Stored items
.....
Lemma edge_fields_pos (a b c d theta mu : R) :
  0 < a -> 0 < b -> 0 < c -> 0 < d -> 0 < theta -> 0 < mu <= 1 ->
  - (theta * a + theta ^ 2 * b) < (theta - 1) * (theta + 1) ^ 2 ->
  (theta - 1) * (theta + 1) ^ 2 < theta * c + theta ^ 2 * d ->
  0 < edge_field a b mu (/ (theta + 1)) /\ 0 < edge_field d c mu (1 - / (theta + 1)).
Proof.
  intros ha hb hc hd htheta hmu hlo hhi.
  rewrite edge_field_reflect, !edge_field_at_inv_succ by lra.
  assert (0 < theta * a + theta ^ 2 * b) by nra.
  assert (0 < theta * c + theta ^ 2 * d) by nra.
  (* both numerators are affine in [mu] and positive at [mu = 0] and [mu = 1] *)
  split; apply Rdiv_lt_0_compat; nra.
Qed.

Theorem lemma13 (a b c d theta : R)
  (ha : 0 < a) (hb : 0 < b) (hc : 0 < c) (hd : 0 < d) (htheta : 0 < theta)
  (hlo : - (theta * a + theta ^ 2 * b) < (theta - 1) * (theta + 1) ^ 2)
  (hhi : (theta - 1) * (theta + 1) ^ 2 < theta * c + theta ^ 2 * d) :
  forall mu : R, 0 < mu <= 1 -> boundary_repelling a b c d theta mu.
Proof.
  intros mu hmu.
  destruct (edge_fields_pos a b c d theta mu) as [hedge0 hedge1]; try assumption.
  assert (hz : 0 < / (theta + 1) < 1).
  { split; [apply Rinv_0_lt_compat; lra | rewrite <- Rinv_1; apply Rinv_lt_contravar; lra]. }
  destruct (eventually_in_inner_square a b c d mu (theta + 1) (/ (theta + 1)))
    as (m & hm & hinner); try (assumption || lra).
  exists (m / 2); split; [lra|].
  intros x r hsol hx0 hr0.
  destruct (hinner x r (is_solution_solves_system _ _ _ _ _ _ _ _ htheta hsol) hx0 hr0)
    as [T hT].
  exists (m / 2); split; [lra|]; exists T; intros t ht.
  replace (m / 2 + m / 2) with m by field.
  destruct (hT t ht); apply dist_boundary_ge; simpl; tauto.
Qed.
Lemma subst_inverse_on_vars (s r : subst_t) (t : term) :
  subst r (subst s t) = t -> forall x, In x (vars t) -> exists z, s x = Var z /\ r z = Var x.
Proof.
  intros E x Hx. rewrite subst_comp in E. pose proof (subst_fixes_vars _ E x Hx) as Hsr.
  unfold comp in Hsr. destruct (s x) as [z |]; [eauto | discriminate].
Qed.

Lemma variant_cl_renaming (s r : subst_t) (c c' : clause) :
  cl_inst s c = c' -> cl_inst r c' = c ->
  forall x, In x (vars_cl c) -> exists z, s x = Var z /\ r z = Var x /\ In z (vars_cl c').
Proof.
  destruct c as [h b], c' as [h' b']. unfold cl_inst. simpl. intros E1 E2 x Hx.
  injection E1 as E1h E1b. injection E2 as E2h E2b.
  assert (Epack : subst r (subst s (Fn 0 (h :: b))) = Fn 0 (h :: b)).
  { simpl. rewrite E1h, E2h, E1b, E2b. reflexivity. }
  destruct (subst_inverse_on_vars _ _ Epack x Hx) as [z [Ez Er]].
  exists z. split; [exact Ez | split; [exact Er |]].
  assert (Hz : In z (vars (subst s (Fn 0 (h :: b))))).
  { apply in_vars_subst. exists x. rewrite Ez. split; [exact Hx | left; reflexivity]. }
  simpl in Hz. rewrite E1h, E1b in Hz. exact Hz.
Qed.

Definition shift (M : nat) : subst_t := fun y => Var (y + M).

(* Condition (i) speaks of the clause itself and of a query renamed apart from
   it; this replays an actual resolution step, made with a variant of the
   clause, in that form. *)
Lemma standardize_apart (c : clause) (s r : subst_t) (H' : term) (B' : list term)
    (A : term) (th : subst_t) :
  cl_inst s c = (H', B') -> cl_inst r (H', B') = c ->
  disjoint (vars_cl (H', B')) (vars A) -> mgu th A H' ->
  exists M theta, disjoint (vars (subst (shift M) A)) (vars_cl c) /\
    mgu theta (subst (shift M) A) (fst c) /\
    forall x, In x (vars_cl c) -> theta x = subst th (s x).
Proof.
  intros E1 E2 Hdis Hmgu.
  destruct (list_strict_bound (vars_cl c)) as [M HM].
  assert (Hshift : forall x, In x (vars (subst (shift M) A)) ->
             exists y, x = y + M /\ In y (vars A)).
  { intros x Hx. apply in_vars_subst in Hx. destruct Hx as [y [Hy [<- | []]]]. eauto. }
  set (ren := fun x => if in_dec Nat.eq_dec x (vars_cl c) then s x else Var (x - M)).
  set (ren' := fun y => if in_dec Nat.eq_dec y (vars_cl (H', B')) then r y else Var (y + M)).
  assert (HrenA : subst ren (subst (shift M) A) = A).
  { rewrite subst_comp. transitivity (subst Var A); [| apply subst_Var].
    apply subst_ext. intros y _.
    unfold comp, shift, ren. simpl. destruct (in_dec Nat.eq_dec (y + M) (vars_cl c)) as [Hc |].
    - apply HM in Hc. lia.
    - f_equal. lia. }
  assert (HrenH : subst ren (fst c) = H').
  { destruct c as [h b]. injection E1 as <- _. apply subst_ext. intros x Hx. unfold ren.
    destruct (in_dec Nat.eq_dec x (vars_cl (h, b))) as [| Hn]; [reflexivity |].
    exfalso. apply Hn, in_or_app. left. exact Hx. }
  destruct (@mgu_rename th ren ren' (subst (shift M) A) (fst c)
              (vars_cl c ++ vars (subst (shift M) A))) as [theta [Htheta Hon]].
  - rewrite HrenA, HrenH. exact Hmgu.
  - intros x [Hx | Hx]; apply in_or_app; [| left; apply in_or_app; left; exact Hx].
    right. exact Hx.
  - intros x Hx. apply in_app_or in Hx as [Hx | Hx]; unfold ren.
    + destruct (in_dec Nat.eq_dec x (vars_cl c)) as [_ | Hn]; [| contradiction].
      destruct (variant_cl_renaming E1 E2 x Hx) as [z [-> [Er Hz]]]. simpl. unfold ren'.
      destruct (in_dec Nat.eq_dec z (vars_cl (H', B'))); [exact Er | contradiction].
    + destruct (Hshift x Hx) as [y [-> Hy]].
      destruct (in_dec Nat.eq_dec (y + M) (vars_cl c)) as [Hc |].
      { apply HM in Hc. lia. }
      simpl. unfold ren'. replace (y + M - M) with y by lia.
      destruct (in_dec Nat.eq_dec y (vars_cl (H', B'))) as [Hc |]; [| reflexivity].
      exfalso. exact (Hdis y Hc Hy).
  - exists M, theta. split; [| split; [exact Htheta |]].
    + intros x Hx Hc. destruct (Hshift x Hx) as [y [-> _]]. apply HM in Hc. lia.
    + intros x Hx. rewrite Hon by (apply in_or_app; left; exact Hx). unfold ren.
      destruct (in_dec Nat.eq_dec x (vars_cl c)); [reflexivity | contradiction].
Qed.

Definition solve_calls_linear (Pr : program) (d n : nat) (G : list term) : Prop :=
  forall m Q u G' th, m <= n -> ld_derivn Pr m G (solve_at Q u :: G') th -> is_varseq d u.

(* Condition (i), first form, for the three solve-atoms of the bodies. *)
Definition solve_args_free (D : demi) : Prop :=
  args_free_after D (cl2 D) (DD1 D) (tt3 D) (dn D) /\
  args_free_after D (cl2 D) (DD1 D ++ [solve_at (Var (a2 D)) (tt3 D)] ++ DD2 D)
    (tt4 D) (dn D) /\
  args_free_after D (cl3 D) (DD3 D ++ [clause_at (Var (a3 D)) (Var (b3 D)) (ss D)] ++ DD4 D)
    (tt6 D) (dn D).

Lemma restricted_cases (D : demi) (v : list term) :
  restricted_i D -> restricted_query D v ->
  (is_varseq (dn D) (tt1 D) /\ is_varseq (dn D) (tt2 D) /\ is_varseq (dn D) (tt5 D)) \/
  (solve_args_free D /\ is_varseq (dn D) v).
Proof.
  intros [[Ha2 [Hb2 [_ Hb3]]] | Hheads] [Hv | Hheads'].
  - right. exact (conj (conj Ha2 (conj Hb2 Hb3)) Hv).
  - left. exact Hheads'.
  - left. tauto.
  - left. exact Hheads'.
Qed.

Lemma in_vars_cl_body (c : clause) (l : list term) (x : nat) :
  (forall t, In t l -> In t (snd c)) -> In x (varsl l) -> In x (vars_cl c).
Proof.
  intros Hl Hx. apply in_flat_map in Hx. destruct Hx as [t [Ht Hx]].
  apply in_or_app. right. apply in_flat_map. exists t. split; [apply Hl, Ht | exact Hx].
Qed.

Section MetaInterpreter.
.....
An exact, complete copy of the lines above from the one with "Lemma subst_inverse_on_vars (s" through the one with "mgu theta (subst (shift M) A) (fst c) /\" is the whole answer.

→ **RESPONSE AREA**
Lemma subst_inverse_on_vars (s r : subst_t) (t : term) :
  subst r (subst s t) = t -> forall x, In x (vars t) -> exists z, s x = Var z /\ r z = Var x.
Proof.
  intros E x Hx. rewrite subst_comp in E. pose proof (subst_fixes_vars _ E x Hx) as Hsr.
  unfold comp in Hsr. destruct (s x) as [z |]; [eauto | discriminate].
Qed.

Lemma variant_cl_renaming (s r : subst_t) (c c' : clause) :
  cl_inst s c = c' -> cl_inst r c' = c ->
  forall x, In x (vars_cl c) -> exists z, s x = Var z /\ r z = Var x /\ In z (vars_cl c').
Proof.
  destruct c as [h b], c' as [h' b']. unfold cl_inst. simpl. intros E1 E2 x Hx.
  injection E1 as E1h E1b. injection E2 as E2h E2b.
  assert (Epack : subst r (subst s (Fn 0 (h :: b))) = Fn 0 (h :: b)).
  { simpl. rewrite E1h, E2h, E1b, E2b. reflexivity. }
  destruct (subst_inverse_on_vars _ _ Epack x Hx) as [z [Ez Er]].
  exists z. split; [exact Ez | split; [exact Er |]].
  assert (Hz : In z (vars (subst s (Fn 0 (h :: b))))).
  { apply in_vars_subst. exists x. rewrite Ez. split; [exact Hx | left; reflexivity]. }
  simpl in Hz. rewrite E1h, E1b in Hz. exact Hz.
Qed.

Definition shift (M : nat) : subst_t := fun y => Var (y + M).

(* Condition (i) speaks of the clause itself and of a query renamed apart from
   it; this replays an actual resolution step, made with a variant of the
   clause, in that form. *)
Lemma standardize_apart (c : clause) (s r : subst_t) (H' : term) (B' : list term)
    (A : term) (th : subst_t) :
  cl_inst s c = (H', B') -> cl_inst r (H', B') = c ->
  disjoint (vars_cl (H', B')) (vars A) -> mgu th A H' ->
  exists M theta, disjoint (vars (subst (shift M) A)) (vars_cl c) /\
    mgu theta (subst (shift M) A) (fst c) /\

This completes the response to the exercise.